Try the composite video out (yellow RCS connector) on the TiVo. If your TV has more than one s-video input try it.


----------



## dtremain (Jan 5, 2004)

Could just be a really good comb filter; I've heard others report the same.

Remember, what looks good is subjective and there may be aspects of one picture that you like that someone else might not. To sound hifonic for a second (isn't that where we all come from), it's a lot like comparing speakers.

Use what you enjoy. It doesn't matter what anyone else says.


----------



## schell (Jan 24, 2004)

It might be that your tv is very far out of calibration, and the s-video is a better connection making the image seem worse, try turning down the brightness, contrast, set temperature to ntsc, and make sure sharpness is turned way down.


----------



## acomire (Feb 5, 2004)

> _Originally posted by dtremain _
> *Could just be a really good comb filter; I've heard others report the same.
> 
> Remember, what looks good is subjective and there may be aspects of one picture that you like that someone else might not. To sound hifonic for a second (isn't that where we all come from), it's a lot like comparing speakers.
> ...


Could be... It's a 3D Y/C digital filter. I'm going to re-calibrate all my settings and see what happens....

Thanks -


----------



## mbcook (Jun 2, 2003)

Sounds odd to me. Every time I've tried it with every device (GC/PS2/Tivo/DVD/etc) and TV S-Video is anywhere from a little bit better (an old satallite box I had, made the text a little sharper) to like getting news eyes (MUCH sharper, vastly better color, etc).

To have it be a noticleable downgrade is odd. I'd say cable but you said that's not it, so I don't know. Do you have another TV you can test the TiVo against?


----------



## conductorJ (Oct 21, 2003)

I have 2 TVs hooked up in my living room setup- a 27" Sony Wega, and a 60" SharpVision hanging from the ceiling. I got better wire when I hooked it all up, and noticed that S-Vid didn't look better than the 75 ohm video cable, just different. Didn't know which I really prefered. I'm running the S-Vid output of my Sony T-60 DirecTivo to my DVD recorder, and the composite output of the receiver to my VCR, wyed out of the VCR to my Wega and my SharpVision.
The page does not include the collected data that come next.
Theorem theorem4p4 (R : realType) (tau t : R) (P : nat -> {poly R})
  (beta : nat -> R) :
  monic_OPS tau t P -> recurrence_coeffs P beta ->
  forall n : nat, (1 <= n)%N ->
  forall x : R, denR tau t beta n x != 0 -> denT tau t beta n x != 0 ->
    (P n)^`(2).[x] + Rn tau t beta n x * (P n)^`().[x]
    + Tn tau t beta n x * (P n).[x] = 0.
Proof.
move=> [P_spec P_orth] P_coeffs n n_ge1 x denR_neq0 denT_neq0.
have P_rec := recurrence_coeffs_rec P_coeffs.
have [P0 [beta0 [beta_gt0 _]]] := P_coeffs.
have L_orth m k : m <> k -> omega_functional tau t (P m * P k) = 0.
  move=> neq_mk; rewrite /omega_functional.
  by under eq_integral do rewrite hornerM; rewrite P_orth.
have L_P0 : 0 < omega_functional tau t (P 0 * P 0).
  by rewrite P0 mulr1; exact: omega_functional1_gt0.
apply: (lowering_ode P_rec _ n_ge1 denR_neq0 denT_neq0) => k.
apply: (deriv_P (L := omega_functional tau t : {linear {poly R} -> R^o})) => //.
- by move=> m; have [] := P_spec m.
- by move=> m; have [] := P_spec m.
- exact: omega_functional_deriv.
Qed.
(* Let $\alpha$ and $\theta_\alpha$ be as in the context. For $n\in\mathbb N$ put $\kappa(n):=-n\log2/\log a_n$, and $\kappa_+:=\inf\{\kappa(n):n\in\mathbb N\}$, $\kappa_-:=\sup\{\kappa(n):n\in\mathbb N\}$. Then $\theta_\alpha$ is $\kappa_+$-Hölder continuous and $\kappa_-$-sub-Hölder continuous.
   Context: Let $\mathcal U=[0,1]$. $\alpha=\{A_n:n\in\mathbb N\}$ is a countable partition of $\mathcal U$ (up to the point $0$) into left-open, right-closed intervals of positive length, ordered from right to left starting with $A_1$, accumulating only at $0$; $a_n$ is the length of $A_n$, $t_n:=\sum_{k\ge n}a_k$, $A_n=(t_{n+1},t_n]$. $L_\alpha(x)=(t_n-x)/a_n$ on $A_n$, $L_\alpha(0)=0$. For $x\ne0$, the $\alpha$-Lüroth digits $\ell_k$ are defined by $L_\alpha^{k-1}(x)\in A_{\ell_k}$ (terminating at step $k$ iff $L_\alpha^{k-1}(x)=t_n$ for some $n\ge2$), written $x=[\ell_1,\ell_2,\dots]_\alpha$. The map $\theta_\alpha:\mathcal U\to\mathcal U$ is $\theta_\alpha(0)=0$ and $\theta_\alpha([\ell_1,\ell_2,\dots]_\alpha):=-2\sum_{k\ge1}(-1)^k2^{-\sum_{i=1}^k\ell_i}$. A map $S:\mathcal U\to\mathcal U$ is $\kappa$-Hölder continuous if $|S(x)-S(y)|\le c|x-y|^\kappa$ for some $c>0$ and all $x,y$; for $\kappa\in(0,\infty)$ it is $\kappa$-sub-Hölder continuous if there is $c>0$ with $|S(x)-S(y)|\ge c|x-y|^\kappa$ for all $x,y\in\mathcal U$. *)

From HB Require Import structures.
From mathcomp Require Import all_boot all_order all_algebra.
From mathcomp Require Import all_classical all_reals all_analysis.
Set Implicit Arguments. Unset Strict Implicit. Unset Printing Implicit Defensive.
Import Order.TTheory GRing.Theory Num.Theory.
Import numFieldNormedType.Exports.
Local Open Scope classical_set_scope.
Local Open Scope ring_scope.

Section Luroth.
Variable R : realType.
(* a n is the length of A_n, for n >= 1 (a 0 is unused). *)
Variable a : nat -> R.

Definition is_alpha_partition : Prop :=
  (forall n, (1 <= n)%N -> 0 < a n) /\
  ((fun N => \sum_(1 <= k < N) a k) @ \oo --> (1 : R)).

Definition tl (n : nat) : R := \big[+%R/0%R]_(n <= k <oo) a k.

(* the index n >= 1 with y in A_n = (t_{n+1}, t_n] (default 0 if none, e.g. y = 0) *)
Definition digit (y : R) : nat :=
  xget 0%N [set n | (1 <= n)%N /\ tl n.+1 < y <= tl n].

Definition Lalpha (y : R) : R :=
  if y == 0 then 0 else (tl (digit y) - y) / a (digit y).

(* k-th term (k >= 1) of the series defining theta: zero once the expansion
   has terminated (L^{k-1}(x) = 0), else (-1)^k 2^{-(l_1+...+l_k)} *)
Definition theta_term (x : R) (k : nat) : R :=
  if iter k.-1 Lalpha x == 0 then 0
  else (-1) ^+ k * (2 : R) ^- (\sum_(i < k) digit (iter i Lalpha x))%N.

Definition theta (x : R) : R :=
  if x == 0 then 0 else -2 * \big[+%R/0%R]_(1 <= k <oo) theta_term x k.

Definition kappa (n : nat) : R := - (n%:R * ln (2 : R)) / ln (a n).

Definition kappa_set : set R := [set kappa n | n in [set n : nat | (1 <= n)%N]].

End Luroth.

Definition holder_cont (R : realType) (kap : R) (S : R -> R) : Prop :=
  exists2 c : R, 0 < c &
    forall x y, 0 <= x <= 1 -> 0 <= y <= 1 -> `|S x - S y| <= c * (`|x - y| `^ kap).

Definition sub_holder_cont (R : realType) (kap : R) (S : R -> R) : Prop :=
  0 < kap /\ exists2 c : R, 0 < c &
    forall x y, 0 <= x <= 1 -> 0 <= y <= 1 -> c * (`|x - y| `^ kap) <= `|S x - S y|.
Works fine.


----------



## Kenster (Jan 4, 2004)

This may seem obvious, but don't you have to change your input setting to show that you are now receiving via s-video instead of the cable connection?


----------



## conductorJ (Oct 21, 2003)

I have multiple inputs on both of my monitors, as I'm sure you do. Why not use em? It's like operating your stereo, and choosing between periferals- turntable, cd player, tuner, etc. I'm using 3 different inputs, depending on which video periferal I'm using-DirecTV receiver, DVD player, VCR.


----------



## bodosom (Apr 28, 2002)

If you have some source material with sharp red edges (even better sharp red diagonal edges) try that. If the s-video signal is not clearly superior (as in greater fidelity) you have a misconfiguration, your display is miscalibrated, the cabling is bad (including the bits inside the devices) or a component is damaged.


----------



## MackenzieMA (Jan 6, 2006)

I had a similar problem with a Magnavox TV. The Video input on the TV was very bright and washed out compared to the RF input. I fixed it with a 75 ohm 6dB pad on the TV's video input. Does you TV have separate controls for different inputs?


----------